Compute the ascent, i.e. the step to follow.

Parameters:

Name Type Description Default
globalg Union[float, Iterable[float], torch.Tensor]

The estimated gradient.

required
cloned_result bool

If cloned_result is True, then the result is a copy, guaranteed not to be the view of any other tensor internal to the TorchOptimizer class. If cloned_result is False, then the result is not a copy. Use cloned_result=False only when you are sure that your algorithm will never do direct modification on the ascent vector it receives. Important: if you set cloned_result=False, and do in-place modifications on the returned result of ascent(...), then the internal velocity of ClipUp will be corrupted!

True

Returns:

Type Description
Tensor

The ascent vector, representing the step to follow.

Source code in evotorch/optimizers.py
@torch.no_grad()
def ascent(self, globalg: RealOrVector, *, cloned_result: bool = True) -> torch.Tensor:
    """
    Compute the ascent, i.e. the step to follow.

    Args:
        globalg: The estimated gradient.
        cloned_result: If `cloned_result` is True, then the result is a
            copy, guaranteed not to be the view of any other tensor
            internal to the TorchOptimizer class.
            If `cloned_result` is False, then the result is not a copy.
            Use `cloned_result=False` only when you are sure that your
            algorithm will never do direct modification on the ascent
            vector it receives.
            Important: if you set `cloned_result=False`, and do in-place
            modifications on the returned result of `ascent(...)`, then
            the internal velocity of ClipUp will be corrupted!
    Returns:
        The ascent vector, representing the step to follow.
    """

    globalg = ensure_tensor_length_and_dtype(
        globalg,
        len(self._velocity),
        dtype=self._dtype,
        device=self._device,
        about=f"{type(self).__name__}.ascent",
    )

    grad = (globalg / torch.norm(globalg)) * self._stepsize

    self._velocity = self._clip((self._momentum * self._velocity) + grad, self._max_speed)

    result = self._velocity

    if cloned_result:
        result = result.clone()

    return result

SGD (TorchOptimizer)

The SGD optimizer.

Reference regarding the momentum behavior:

Polyak, B. T. (1964).
Some methods of speeding up the convergence of iteration methods.
USSR Computational Mathematics and Mathematical Physics, 4(5):1–17.

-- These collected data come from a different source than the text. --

(* Otherwise two common points of u Nax and v Nax, lying near the points at distances
   D1 + D2 + 2 delta and D1 + D2 + Dl + 77 delta along [o, y1], would be more than Dl apart. *)
Lemma gprod_conj_pow_lt_of_points :
  gp (act (conj_pow b u s1) p) (act (conj_pow b v s2) p) p < Dl + 5 * L + 54 * delta.
Proof.
rewrite ltNge; apply/negP => /gprod_translated_ends_ge hG.
have hd := delta_gt0; have hTL := T_le_L; have hgT := Hg; have [D10 D20] := D_ge0.
have h1 := hD1; have h2 := hD2; have hDl0 := Dl_ge0.
have hr2 : D1 + D2 + Dl + 77 * delta <= gp y1 y2 o by lra.
have hGy : gp y1 y2 o <= d o y1 by rewrite (d_sym Hmet o) gprod_le_d.
have i1 : 0 <= D1 + D2 + 2 * delta <= d o y1 by apply/andP; split; lra.
have i2 : 0 <= D1 + D2 + Dl + 77 * delta <= d o y1 by apply/andP; split; lra.
have [w1 [dow1 dw1y]] := geodesic_point Hmet Hgeod i1.
have [w2 [dow2 dw2y]] := geodesic_point Hmet Hgeod i2.
have g1 : d o w1 + d w1 y1 = d o y1 by lra.
have g2 : d o w2 + d w2 y1 = d o y1 by lra.
have k1 : D1 + D2 + 2 * delta <= gp y1 y2 o by lra.
have k2 : D1 + D2 + 2 * delta <= D1 + D2 + Dl + 77 * delta by lra.
have [c1 [hc1 dc1]] := ex_common_nbhd_point_near (lexx _) k1 g1 dow1.
have [c2 [hc2 dc2]] := ex_common_nbhd_point_near k2 hr2 g2 dow2.
have := hDl hc1 hc2; have := d_triangle Hmet o w1 w2.
have := d_triangle Hmet w1 c1 w2; have := d_triangle Hmet c1 c2 w2.
by rewrite (d_sym Hmet w1 c1); lra.
Qed.

End DistinctCosets.
Lemma card_admissible_seg_prefixS i j : i < size a ->
  #|admissible_partitions seg_of (seg_prefix i.+1) j| =
  \sum_(0 <= l < j.+1) 'C(nth 0 a i, l) * Pn (j - l) (nth 0 a i - l) *
     #|admissible_partitions seg_of (seg_prefix i) (j - l)|.
Proof.
move=> hi; rewrite seg_prefixS (@card_admissible_partitions_add_class _ _ _ _ _ (Some (Ordinal hi))).
- by rewrite card_seg_set.
- by move=> y; rewrite inE seg_ofE /in_seg /=; lia.
by move=> y; rewrite inE => h; apply/eqP; rewrite seg_ofE.
Qed.

End Segments.

Definition Qformula (N a1 n : nat) (b : nat -> nat) (j : nat) : nat :=
  \sum_(l : {ffun 'I_n -> 'I_N.+1} |
          [forall c, l c <= b c] && (\sum_(c : 'I_n) (l c : nat) + a1 == j))
     \prod_(c : 'I_n) ('C(b c, l c) * Pn (a1 + \sum_(i : 'I_n | i < c) (l i : nat)) (b c - l c)).

Lemma Qformula0 N a1 b j : Qformula N a1 0 b j = (a1 == j).
Proof.
rewrite /Qformula big_mkcond (big_pred1 [ffun i : 'I_0 => ord0 : 'I_N.+1]).
  rewrite big_ord0 big_ord0 add0n.
  have -> : [forall c, [ffun i : 'I_0 => ord0 : 'I_N.+1] c <= b c] by apply/forallP => -[].
  by case: (a1 == j).
by move=> f; apply/esym/eqP/ffunP => -[].
Qed.

Section SnocFfun.
Variables (X : finType) (n : nat).

Definition snoc_ffun (p : X * {ffun 'I_n -> X}) : {ffun 'I_n.+1 -> X} :=
  [ffun i => if unlift ord_max i is Some i' then p.2 i' else p.1].

Lemma snoc_ffun_max p : snoc_ffun p ord_max = p.1.
Proof. by rewrite ffunE unlift_none. Qed.

Lemma snoc_ffun_lift p i : snoc_ffun p (lift ord_max i) = p.2 i.
Proof. by rewrite ffunE liftK. Qed.

Lemma snoc_ffun_bij : bijective snoc_ffun.
Proof.
exists (fun f : {ffun 'I_n.+1 -> X} => (f ord_max, [ffun i => f (lift ord_max i)])) => [[x g]|f].
  by rewrite snoc_ffun_max; congr pair; apply/ffunP => i; rewrite ffunE snoc_ffun_lift.
apply/ffunP => i; rewrite ffunE; case: unliftP => [i' ->|->] //=.
by rewrite ffunE.
Qed.

Lemma sum_snoc_ffun_lt (F : X -> nat) x g (c : 'I_n) :
  \sum_(i < n.+1 | i < lift ord_max c) F (snoc_ffun (x, g) i) = \sum_(i < n | i < c) F (g i).
Proof.
rewrite big_mkcond (bigD1_ord ord_max) // [RHS]big_mkcond.
have -> : ((ord_max : 'I_n.+1) < lift ord_max c) = false by rewrite lift_max ltnNge ltnW.
by apply: eq_bigr => i _; rewrite !lift_max snoc_ffun_lift.
Qed.

Lemma sum_snoc_ffun_max (F : X -> nat) x g :
  \sum_(i < n.+1 | i < (ord_max : 'I_n.+1)) F (snoc_ffun (x, g) i) = \sum_(i < n) F (g i).
Proof.
rewrite big_mkcond (bigD1_ord ord_max) // ltnn.
by apply: eq_bigr => i _; rewrite lift_max ltn_ord snoc_ffun_lift.
Qed.

End SnocFfun.

Lemma sum_ord_trunc (N j b : nat) (F : nat -> nat) : b <= N -> (forall l, b < l -> F l = 0) ->
  \sum_(x < N.+1) (if x <= j then F x else 0) = \sum_(0 <= l < j.+1) F l.
Proof.
move=> hb hF.
rewrite -(big_mkord xpredT (fun x => if x <= j then F x else 0)).
rewrite (@big_nat_widen _ _ _ 0 N.+1 (N.+1 + j.+1)) ?leq_addr //.
rewrite [RHS](@big_nat_widen _ _ _ 0 j.+1 (N.+1 + j.+1)) ?leq_addl //.
rewrite big_mkcond [RHS]big_mkcond; apply: eq_bigr => i _ /=.
rewrite !ltnS; case: (leqP i j) => hij; case: leqP => // hN.
by rewrite hF //; lia.
Qed.

Lemma sum_pair (I J : finType) (F : I * J -> nat) :
  \sum_(p : I * J) F p = \sum_(i : I) \sum_(j : J) F (i, j).
Proof. by rewrite pair_bigA; apply: eq_bigr => -[]. Qed.

Section QformulaStep.
Variables (N a1 n : nat) (b : nat -> nat).
Local Notation X := 'I_N.+1.

Lemma Qformula_term_snoc x (g : {ffun 'I_n -> X}) :
  \prod_(c < n.+1) ('C(b c, snoc_ffun (x, g) c) *
      Pn (a1 + \sum_(i < n.+1 | i < c) (snoc_ffun (x, g) i : nat)) (b c - snoc_ffun (x, g) c)) =
  'C(b n, x) * Pn (a1 + \sum_(i < n) (g i : nat)) (b n - x) *
  \prod_(c < n) ('C(b c, g c) * Pn (a1 + \sum_(i < n | i < c) (g i : nat)) (b c - g c)).
Proof.
rewrite (bigD1_ord ord_max) // snoc_ffun_max sum_snoc_ffun_max; congr (_ * _).
by apply: eq_bigr => c _; rewrite snoc_ffun_lift sum_snoc_ffun_lt lift_max.
Qed.

Lemma Qformula_cond_snoc j x (g : {ffun 'I_n -> X}) :
  [forall c, snoc_ffun (x, g) c <= b c] && (\sum_(c < n.+1) (snoc_ffun (x, g) c : nat) + a1 == j)
  = [&& x <= b n, [forall c, g c <= b c] & x + \sum_(c < n) (g c : nat) + a1 == j].
Proof.
have -> : [forall c, snoc_ffun (x, g) c <= b c] = (x <= b n) && [forall c, g c <= b c].
  apply/forallP/andP => [H|[H1 /forallP H2] c].
    split; first by have := H ord_max; rewrite snoc_ffun_max.
    by apply/forallP => c; have := H (lift ord_max c); rewrite snoc_ffun_lift lift_max.
  by case: (unliftP ord_max c) => [c' ->|->]; rewrite ?snoc_ffun_lift ?lift_max ?snoc_ffun_max.
rewrite (bigD1_ord ord_max) // snoc_ffun_max -andbA.
by rewrite (eq_bigr (fun c => g c : nat)) // => c _; rewrite snoc_ffun_lift.
Qed.
(* For any weight $\omega\in\mathbb{R}^J$ whose regular subdivision satisfies $\mathscr{T}_\omega=\mathscr{T}_{\max}$ (for instance any $\omega$ whose image in $L_{\mathrm{ext}}^\vee\otimes\mathbb{R}\cong H^2(X,\mathbb{R})$ is ample), the set $$\{\,y^{\ell_{\mathrm{ext}}^+(\mathcal{P})}-y^{\ell_{\mathrm{ext}}^-(\mathcal{P})}:\ \mathcal{P}\text{ a primitive collection of }\Sigma\,\}$$ is a minimal Gröbner basis of the toric ideal $I_\mathcal{A}$ with respect to $\omega$. Consequently the box operators of $\mathcal{M}(A_{\mathrm{ext}},\beta)$ are generated by the box operators $\partial^{\ell_{\mathrm{ext}}^+(\mathcal{P})}-\partial^{\ell_{\mathrm{ext}}^-(\mathcal{P})}$, $\mathcal{P}$ running over the primitive collections of $\Sigma$.
   Context: $N\cong\mathbb{Z}^n$, $M$ dual. $X$ smooth projective toric with fan $\Sigma$ and nef-partition $\Sigma(1)=I_1\sqcup\cdots\sqcup I_r$ (each $E_i=\sum_{\rho\in I_i}D_\rho$ nef), $I_i=\{\rho_{i,1},\dots,\rho_{i,n_i}\}$, $J=\{(i,j):1\le i\le r,0\le j\le n_i\}$, $\nu_{i,j}=(\rho_{i,j},e_i)$ ($j\ge1$), $\nu_{i,0}=(0,e_i)$ in $N\times\mathbb{Z}^r$, $\mathcal{A}=\{\nu_{i,j}\}$. $A_{\mathrm{ext}}:\mathbb{Z}^J\to N\times\mathbb{Z}^r$, $e_{i,j}\mapsto\nu_{i,j}$, $L_{\mathrm{ext}}=\ker A_{\mathrm{ext}}\cong L=\ker(\mathbb{Z}^{\{(i,j):j\ge1\}}\to N)$. Toric ideal $I_\mathcal{A}=\langle y^{\ell^+}-y^{\ell^-}:\ell\in L_{\mathrm{ext}}\rangle\subset\mathbb{C}[y_{i,j}:(i,j)\in J]$, where $\ell=\ell^+-\ell^-$ with $\ell^\pm\ge0$ of disjoint supports; a weight $\omega\in\mathbb{R}^J$ defines leading terms by maximal $\omega$-weight, $\mathrm{wt}(y^m)=\sum\omega_{i,j}m_{i,j}$. The regular subdivision $\mathscr{T}_\omega$ of $\mathcal{A}$ is obtained by projecting the lower faces of the cone generated by $(\nu,\omega_\nu)$, $\nu\in\mathcal{A}$. $\mathscr{T}_{\max}$ is the triangulation whose maximal simplices (cones) have vertex sets $\{\nu_{1,0},\dots,\nu_{r,0}\}\cup\{\nu_{i,j}:\rho_{i,j}\in\sigma(1)\}$ for $\sigma$ a maximal cone of $\Sigma$ (the fan of the total space of $\oplus_i\mathcal{O}_X(E_i)$). A primitive collection is $\mathcal{P}\subset\Sigma(1)$ not spanning a cone but with every proper subset spanning one; its primitive relation $\ell(\mathcal{P})\in L$ is the coefficient vector of $\sum_{\mathcal{P}}\rho_{i,j}-\sum_{\sigma(1)}c_{i,j}\rho_{i,j}=0$ where $\sigma$ is the cone containing $\sum_\mathcal{P}\rho_{i,j}$ in its relative interior and $c_{i,j}\in\mathbb{Z}_{>0}$; $\ell_{\mathrm{ext}}(\mathcal{P})\in L_{\mathrm{ext}}$ is its image under $L\cong L_{\mathrm{ext}}$. The GKZ system $\mathcal{M}(A_{\mathrm{ext}},\beta)$ is the Weyl algebra module on variables $x_{i,j}$ generated by box operators $\partial^{\ell^+}-\partial^{\ell^-}$ ($\ell\in L_{\mathrm{ext}}$) and Euler operators $\sum_{(i,j)}(\nu_{i,j})_kx_{i,j}\partial_{i,j}-\beta_k$. *)

From HB Require Import structures.
From mathcomp Require Import all_boot all_order all_algebra.
From mathcomp Require Import mpoly.
Lemma strip_other m n x : m <> n -> act (pn m) (strip n x) = act (pn m) x.
Proof. intro H. unfold strip. rewrite act_vadd, act_vscal, act_orth, vscal_zero by auto. apply vadd_0. Qed.

Lemma strip_split n x : vadd (strip n x) (act (pn n) x) = x.
Proof. apply vsplit. Qed.

End Coordinates.

Lemma delta_fin_supp {L} (v : L) : fin_supp (delta v).
Proof.
  exists (v :: nil). intros mu H. unfold delta in H.
  destruct excluded_middle_informative; [subst; left; auto|contradiction].
Qed.

Lemma scaled_delta_fin_supp {L} c (v : L) : fin_supp (fun mu => Cmult c (delta v mu)).
Proof.
  exists (v :: nil). intros mu H. unfold delta in H.
  destruct excluded_middle_informative; [subst; left; auto|].
  exfalso; apply H; unfold Cmult, C0; simpl; f_equal; ring.
Qed.

Lemma rsum_delta_le1 {L} (v : L) l : NoDup l -> rsum (fun mu => Cabs (delta v mu)) l <= 1.
Proof.
  assert (Hout : forall l', ~ In v l' -> rsum (fun mu => Cabs (delta v mu)) l' = 0).
  { induction l' as [|b l' IH]; simpl; intros H; auto.
    unfold delta at 1; destruct excluded_middle_informative as [->|_]; [tauto|].
    rewrite Cabs_C0, IH by tauto. ring. }
  induction l as [|b l IH]; simpl; intros H; [lra|].
  apply NoDup_cons_iff in H as [Hb Hl].
  unfold delta at 1; destruct excluded_middle_informative as [->|_].
  - rewrite Cabs_C1, Hout by auto. lra.
  - rewrite Cabs_C0. specialize (IH Hl). unfold rsum in *. lra.
Qed.

Section Identification.
Variable A : SeqAlg.
Variable P : NModule A.
Variable n : nat.
Variable L : Type.
Variable T : (L -> Cpx) -> P.
Hypothesis HT : isometric_ident P n L T.

Lemma T_coord_same h : fin_supp h -> act (pn n) (T h) = T h.
Proof. intro Hh. destruct HT as (_ & _ & Hrange & _). destruct (Hrange h Hh) as [x ->]. apply act_idem. Qed.

Lemma T_coord_other m h : fin_supp h -> m <> n -> act (pn m) (T h) = vzero.
Proof. intros Hh Hm. destruct HT as (_ & _ & Hrange & _). destruct (Hrange h Hh) as [x ->]. apply act_orth; auto. Qed.

Lemma T_delta_norm v : vnorm (T (delta v)) <= 1.
Proof.
  destruct HT as (_ & _ & _ & _ & Hnorm).
  destruct (Hnorm _ (delta_fin_supp v)) as (l & Hnd & _ & ->). apply rsum_delta_le1; auto.
Qed.

Lemma T_zero : T (fun _ => C0) = vzero.
Proof.
  destruct HT as (_ & Hscal & _).
  replace (fun _ : L => C0) with (fun nu : L => Cmult C0 ((fun _ => C0) nu))
    by (apply functional_extensionality; intro; unfold Cmult, C0; simpl; f_equal; ring).
  rewrite Hscal by (exists nil; intros mu H; contradiction). apply vscal_C0.
Qed.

Reference regarding the Nesterov behavior:

Yurii Nesterov (1983).
A method for unconstrained convex minimization problem with the rate ofconvergence o(1/k2).
Doklady ANSSSR (translated as Soviet.Math.Docl.), 269:543–547.
Source code in evotorch/optimizers.py
class SGD(TorchOptimizer):
    """
    The SGD optimizer.

    Reference regarding the momentum behavior:

        Polyak, B. T. (1964).
        Some methods of speeding up the convergence of iteration methods.
        USSR Computational Mathematics and Mathematical Physics, 4(5):1–17.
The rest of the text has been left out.